Le mariage de Pavel, Jean-Pierre Milovanoff
Le mariage de Pavel, octobre 2015, 202 pages, 17 €
Ecrivain(s): Jean-Pierre Milovanoff Edition: Grasset
Le mariage de Pavel est un roman sur l’exil : ses motivations d’origine, ses conséquences attendues ou imprévues, ses conditions de survenance, ses traces sur les vies des individus un jour ou l’autre concernés par cet acte. Pavel, personnage principal, est un russe blanc ; il a fui à l’âge de quinze ans sa famille et son pays pour échapper à une mort quasi-certaine, lui le jeune bourgeois issu d’une école militaire tsariste et à ce titre « ennemi de classe ». Après avoir traversé l’Ukraine dévastée par la guerre civile, il parvient à Sébastopol, gagne Constantinople et parvient enfin en France, où il devient ingénieur dans les Cévennes. Il y rencontre deux sœurs, Rénata, institutrice, et Odine, danseuse chorégraphe. Il épouse Renata. Un soir d’été, il décrit à son fils Jean-Pierre ce qu’il a ressenti, vraiment, depuis son départ de Russie. Et c’est toute une série d’impressions, de réflexions, de constats que nous livre Pavel, pour arriver à un état des lieux de l’exil presque complet. Ainsi, il examine les conditions de décision, les circonstances qui déclenchent ce choix :
« On doit faire vite quand on vit sous la menace. Il n’y a pas de place pour les tergiversations. Ni pour les regrets. On s’exile par nécessité, souvent dans l’urgence, quelquefois avec enthousiasme ».

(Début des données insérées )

(* Let $C\in\mathbb{R}^{n\times n}$ be symmetric, $\alpha>0$ and $\rho\ge\alpha\|C\|_\infty$, $\rho>0$. Let $(\tilde\sigma^k,\sigma^k,y^k)$ be generated by the ADMM-BM algorithm described in the context, with Assumption A holding. Then $\|\gamma_i^k\|\ge 1-\frac4\alpha-\frac2{\alpha^2}$ for all $i\in[n]$ and all $k\ge2$.
   Context: $\|C\|_\infty=\max_i\sum_j|C_{ij}|$. For $\sigma\in\mathbb{R}^{n\times r}$, $\sigma_i$ is its $i$-th row; $\mathcal{M}=\{\sigma\in\mathbb{R}^{n\times r}:\|\sigma_i\|=1\ \forall i\}$. ADMM-BM with parameter $\rho$: choose $\tilde\sigma^0\in\mathcal{M}$, $\sigma^0=\tilde\sigma^0$, $y^0=C\tilde\sigma^0$. For $k=0,1,\dots$: $\gamma^k=\sigma^k-\frac1\rho(y^k+C\sigma^k)$ with rows $\gamma_i^k$; $\tilde\sigma^{k+1}_i=\gamma_i^k/\|\gamma_i^k\|$; $\sigma^{k+1}=\tilde\sigma^{k+1}+\frac1\rho(y^k-C\tilde\sigma^{k+1})$; $y^{k+1}=y^k+\rho(\tilde\sigma^{k+1}-\sigma^{k+1})$. Assumption A: $\gamma_i^k\neq0$ for all $i,k$ (so the iterates are well defined). *)

From HB Require Import structures.
From mathcomp Require Import all_boot all_order all_algebra.
Set Implicit Arguments. Unset Strict Implicit. Unset Printing Implicit Defensive.
Import Order.TTheory GRing.Theory Num.Theory.
Local Open Scope ring_scope.

Definition row_norm (R : rcfType) (n r : nat) (M : 'M[R]_(n, r)) (i : 'I_n) : R :=
  Num.sqrt (\sum_(j < r) M i j ^+ 2).

Definition inf_norm (R : rcfType) (n : nat) (C : 'M[R]_n) : R :=
  \big[Num.max/0]_(i < n) \sum_(j < n) `|C i j|.

Definition admm_gamma (R : rcfType) (n r : nat) (rho : R) (C : 'M[R]_n)
  (s y : 'M[R]_(n, r)) : 'M[R]_(n, r) :=
  s - rho^-1 *: (y + C *m s).

Definition row_normalize (R : rcfType) (n r : nat) (G : 'M[R]_(n, r)) : 'M[R]_(n, r) :=
  \matrix_(i, j) (G i j / row_norm G i).

Definition on_manifold (R : rcfType) (n r : nat) (M : 'M[R]_(n, r)) : Prop :=
  forall i : 'I_n, row_norm M i = 1.

From HB Require Import structures.
From mathcomp Require Import all_boot all_order all_algebra.
From mathcomp Require Import ring lra.
Set Implicit Arguments. Unset Strict Implicit. Unset Printing Implicit Defensive.
Import Order.TTheory GRing.Theory Num.Theory.
Local Open Scope ring_scope.

(* The dual iterate is always [y^k = C σ̃^k], so for k >= 1 we get
   [σ^k = σ̃^k + D (σ̃^(k-1) - σ̃^k)] and [γ^k = σ^k - D σ̃^k - D σ^k] with
   [D = C / ρ].  Every row of [D] has l1-norm at most [1/α], so multiplying by
   [D] scales the largest row norm by at most [1/α].  As the rows of σ̃ are unit
   vectors, [γ_i^k] therefore lies within [2/α + 1/α + (1 + 2/α)/α] of the unit
   vector [σ̃_i^k]; in particular the bound already holds for k >= 1. *)

Section RowNorm.
Variables (R : rcfType) (n r : nat).
Implicit Types (A B : 'M[R]_(n, r)) (i : 'I_n).

Lemma row_norm_ge0 A i : 0 <= row_norm A i.
Proof. exact: sqrtr_ge0. Qed.

Lemma sqr_row_norm A i : row_norm A i ^+ 2 = \sum_j A i j ^+ 2.
Proof. by rewrite sqr_sqrtr // sumr_ge0 // => j _; apply: sqr_ge0. Qed.

Lemma row_norm_eq0 {A i} : row_norm A i = 0 -> forall j, A i j = 0.
Proof.
move=> A0 j; apply/eqP; rewrite -sqrf_eq0; apply/eqP.
have sum0 : \sum_l A i l ^+ 2 = 0 by rewrite -sqr_row_norm A0 expr0n.
exact: (psumr_eq0P (fun l _ => sqr_ge0 (A i l)) sum0).
Qed.

Lemma row_norm_CauchySchwarz A B i :
  \sum_j A i j * B i j <= row_norm A i * row_norm B i.
Proof.
set a := row_norm A i; set b := row_norm B i.
have [a0|a_neq0] := eqVneq a 0.
  by rewrite a0 mul0r big1 // => j _; rewrite (row_norm_eq0 a0 j) mul0r.
have [b0|b_neq0] := eqVneq b 0.
  by rewrite b0 mulr0 big1 // => j _; rewrite (row_norm_eq0 b0 j) mulr0.
have ab_gt0 : 0 < a * b.
  by rewrite mulr_gt0 // lt_def ?a_neq0 ?b_neq0 ?row_norm_ge0.
(* from [0 <= \sum_j (b A_ij - a B_ij)^2] *)
have : 2 * (a * b) * \sum_j A i j * B i j <= 2 * (a * b) * (a * b).
  have -> : 2 * (a * b) * (a * b) = \sum_j (b ^+ 2 * A i j ^+ 2 + a ^+ 2 * B i j ^+ 2).
    by rewrite big_split /= -!mulr_sumr -!sqr_row_norm -/a -/b; ring.
  rewrite mulr_sumr; apply: ler_sum => j _.
  have := sqr_ge0 (b * A i j - a * B i j); nra.
by rewrite ler_pM2l // mulr_gt0.
Qed.

Lemma ler_row_normD A B i : row_norm (A + B) i <= row_norm A i + row_norm B i.
Proof.
have sum_ge0 : 0 <= row_norm A i + row_norm B i by rewrite addr_ge0 ?row_norm_ge0.
rewrite -(ger0_norm sum_ge0) -sqrtr_sqr ler_sqrt ?sqr_ge0 //.
have -> : \sum_j (A + B) i j ^+ 2
    = row_norm A i ^+ 2 + row_norm B i ^+ 2 + 2 * \sum_j A i j * B i j.
  rewrite !sqr_row_norm mulr_sumr -!big_split /=.
  by apply: eq_bigr => j _; rewrite mxE; ring.
have := row_norm_CauchySchwarz A B i; nra.
Qed.

Lemma row_normN A i : row_norm (- A) i = row_norm A i.
Proof. by congr Num.sqrt; apply: eq_bigr => j _; rewrite mxE sqrrN. Qed.

Lemma row_normZ c A i : row_norm (c *: A) i = `|c| * row_norm A i.
Proof.
rewrite /row_norm -sqrtr_sqr -sqrtrM ?sqr_ge0 // mulr_sumr.
by congr Num.sqrt; apply: eq_bigr => j _; rewrite mxE exprMn.
Qed.

Lemma lerB_row_normD A B i : row_norm A i - row_norm B i <= row_norm (A + B) i.
Proof.
have := ler_row_normD (A + B) (- B) i.
by rewrite row_normN addrK lerBlDr.
Qed.

Lemma ler_row_norm_sum (I : Type) (s : seq I) (F : I -> 'M[R]_(n, r)) i :
  row_norm (\sum_(l <- s) F l) i <= \sum_(l <- s) row_norm (F l) i.
Proof.
elim/big_rec2: _ => [|l M x _ IH].
  by rewrite /row_norm big1 ?sqrtr0 // => j _; rewrite mxE expr0n.
by apply: le_trans (ler_row_normD _ _ _) _; rewrite lerD2l.
Qed.

Lemma row_norm_row A i : row_norm (row i A) 0 = row_norm A i.
Proof. by congr Num.sqrt; apply: eq_bigr => j _; rewrite mxE. Qed.

End RowNorm.

Lemma ler_row_norm_mulmx (R : rcfType) (m n r : nat) (D : 'M[R]_(m, n))
    (X : 'M[R]_(n, r)) i :
  row_norm (D *m X) i <= \sum_j `|D i j| * row_norm X j.
Proof.
rewrite -row_norm_row row_mul mulmx_sum_row.
apply: le_trans (ler_row_norm_sum _ _ _) _.
by apply: ler_sum => j _; rewrite row_normZ row_norm_row mxE.
Qed.

Lemma row_norm_row_normalize (R : rcfType) (n r : nat) (G : 'M[R]_(n, r)) i :
  row_norm G i != 0 -> row_norm (row_normalize G) i = 1.
Proof.
move=> G_neq0; rewrite /row_norm.
under eq_bigr do rewrite mxE exprMn exprVn.
by rewrite -mulr_suml -sqr_row_norm mulfV ?sqrtr1 // sqrf_eq0.
Qed.

Lemma row_abs_sum_le_inf_norm (R : rcfType) (n : nat) (C : 'M[R]_n) i :
  \sum_j `|C i j| <= inf_norm C.
Proof. exact: (le_bigmax 0 (fun i => \sum_j `|C i j|) i). Qed.

Section ADMMStep.
Variables (R : rcfType) (n r : nat) (C : 'M[R]_n) (alpha rho : R).
Hypotheses (alpha_gt0 : 0 < alpha) (rho_gt0 : 0 < rho).
Hypothesis rho_ge : alpha * inf_norm C <= rho.

Let D := rho^-1 *: C.

Lemma row_abs_sum_scaled_le i : \sum_j `|D i j| <= alpha^-1.
Proof.
have -> : \sum_j `|D i j| = rho^-1 * \sum_j `|C i j|.
  by rewrite mulr_sumr; apply: eq_bigr => j _; rewrite mxE normrM gtr0_norm ?invr_gt0.
rewrite mulrC ler_pdivrMr // mulrC ler_pdivlMr // mulrC.
by apply: le_trans rho_ge; rewrite ler_pM2l ?row_abs_sum_le_inf_norm.
Qed.

Lemma row_norm_scaled_mulmx_le (X : 'M[R]_(n, r)) b i :
  (forall j, row_norm X j <= b) -> row_norm (D *m X) i <= alpha^-1 * b.
Proof.
move=> X_le; have b_ge0 : 0 <= b := le_trans (row_norm_ge0 X i) (X_le i).
apply: le_trans (ler_row_norm_mulmx _ _ _) _.
apply: (@le_trans _ _ (\sum_j `|D i j| * b)).
  by apply: ler_sum => j _; rewrite ler_wpM2l.
by rewrite -mulr_suml ler_wpM2r ?row_abs_sum_scaled_le.
Qed.

Lemma admm_gamma_row_norm_ge (P Q : 'M[R]_(n, r)) i :
  on_manifold P -> on_manifold Q ->
  1 - 4 / alpha - 2 / alpha ^+ 2 <=
    row_norm (admm_gamma rho C (Q + D *m (P - Q)) (C *m Q)) i.
Proof.
move=> P1 Q1; set S := Q + D *m (P - Q); set c := alpha^-1.
have PQ_le j : row_norm (P - Q) j <= 2.
  by apply: le_trans (ler_row_normD _ _ _) _; rewrite row_normN P1 Q1.
have DPQ_le j : row_norm (D *m (P - Q)) j <= c * 2.
  exact: row_norm_scaled_mulmx_le.
have DQ_le : row_norm (D *m Q) i <= c * 1.
  by apply: row_norm_scaled_mulmx_le => j; rewrite Q1.
have DS_le : row_norm (D *m S) i <= c * (1 + c * 2).
  apply: row_norm_scaled_mulmx_le => j.
  by apply: le_trans (ler_row_normD _ _ _) _; rewrite Q1 lerD2l.
have -> : admm_gamma rho C S (C *m Q)
    = Q + (D *m (P - Q) - (D *m Q + D *m S)).
  by rewrite /admm_gamma scalerDr !scalemxAl /S -!addrA.
apply: le_trans (lerB_row_normD _ _ _); rewrite Q1.
have := ler_row_normD (D *m (P - Q)) (- (D *m Q + D *m S)) i.
have := ler_row_normD (D *m Q) (D *m S) i.
have -> : 1 - 4 / alpha - 2 / alpha ^+ 2 = 1 - (c * 2 + c * 1 + c * (1 + c * 2)).
  by rewrite -exprVn -/c; ring.
have := DPQ_le i; rewrite row_normN; lra.
Qed.

End ADMMStep.

Lemma admm_dual_eq (R : rcfType) (n r : nat) (C : 'M[R]_n) (rho : R)
    (st s y : nat -> 'M[R]_(n, r)) :
  rho != 0 ->
  y 0%N = C *m st 0%N ->
  (forall k, s k.+1 = st k.+1 + rho^-1 *: (y k - C *m st k.+1)) ->
  (forall k, y k.+1 = y k + rho *: (st k.+1 - s k.+1)) ->
  forall k, y k = C *m st k.
Proof.
move=> rho_neq0 y0 s_succ y_succ; elim=> [//|k _].
by rewrite y_succ s_succ opprD addNKr scalerN scalerA mulfV // scale1r opprB addrC subrK.
Qed.

Lemma admm_on_manifold (R : rcfType) (n r : nat) (C : 'M[R]_n) (rho : R)
    (st s y : nat -> 'M[R]_(n, r)) :
  on_manifold (st 0%N) ->
  (forall k, st k.+1 = row_normalize (admm_gamma rho C (s k) (y k))) ->
  (forall k i, row_norm (admm_gamma rho C (s k) (y k)) i != 0) ->
  forall k, on_manifold (st k).
Proof.
by move=> st0 st_succ gamma_neq0 [|k] i //; rewrite st_succ row_norm_row_normalize.
Qed.

Theorem lemma2 (R : rcfType) (n r : nat) (C : 'M[R]_n) (alpha rho : R)
  (st s y : nat -> 'M[R]_(n, r)) :
  C^T = C ->
  0 < alpha ->
  0 < rho ->
  alpha * inf_norm C <= rho ->
  on_manifold (st 0%N) ->
  s 0%N = st 0%N ->
  y 0%N = C *m st 0%N ->
  (forall k : nat, st k.+1 = row_normalize (admm_gamma rho C (s k) (y k))) ->
  (forall k : nat, s k.+1 = st k.+1 + rho^-1 *: (y k - C *m st k.+1)) ->
  (forall k : nat, y k.+1 = y k + rho *: (st k.+1 - s k.+1)) ->
  (* Assumption A *)
  (forall (k : nat) (i : 'I_n), row_norm (admm_gamma rho C (s k) (y k)) i != 0) ->
  forall (k : nat) (i : 'I_n), (2 <= k)%N ->
    1 - 4 / alpha - 2 / alpha ^+ 2 <= row_norm (admm_gamma rho C (s k) (y k)) i.
Proof.
move=> _ alpha_gt0 rho_gt0 rho_ge st0 _ y0 st_succ s_succ y_succ gamma_neq0 [//|k] i _.
have y_eq := admm_dual_eq (lt0r_neq0 rho_gt0) y0 s_succ y_succ.
have st_unit := admm_on_manifold st0 st_succ gamma_neq0.
have -> : s k.+1 = st k.+1 + (rho^-1 *: C) *m (st k - st k.+1).
  by rewrite s_succ y_eq -scalemxAl mulmxBr.
by rewrite y_eq admm_gamma_row_norm_ge.
Qed.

Pourtant, au-delà de la confrontation immédiate au drame et à la nécessité, Pavel trouve d’autres motivations à l’exil plus irrationnelles :
« Il y avait une part d’illusion, naturellement. D’enthousiasme, si tu préfères. Je me croyais capable de toutes les métamorphoses que l’exil exigerait ! J’ai lu Voltaire, Victor Hugo, Zola ».
Pavel fait également le récit des circonstances qui l’ont poussé à quitter Berdiansk, en proie à la fièvre révolutionnaire, aux exécutions des individus devenus indésirables, dont Pavel apprend incidemment qu’il fait partie, en raison de ses origines. On pense, à la lecture de ce passage du roman, à Isaac Babel dans son Journal pétersbourgeois, décrivant froidement les scènes de la guerre civile.
On revient à l’histoire personnelle de Pavel par le bilan qu’il fait, des conséquences du changement de langue et de la persistance du souvenir de la Russie :
« Où que je me trouve (…) je suis rattrapé par mes souvenirs de la Russie (…) Je peine à décrire mes anciennes émotions dans cette langue française que je parle mieux que beaucoup mais qui me paraît froide et abstraite par rapport au russe ».
Le mariage de Pavel est un roman pudique, apportant un éclairage significatif sur l’exil, comme condition de l’être humain, comme catalyseur d’une vie individuelle. A recommander.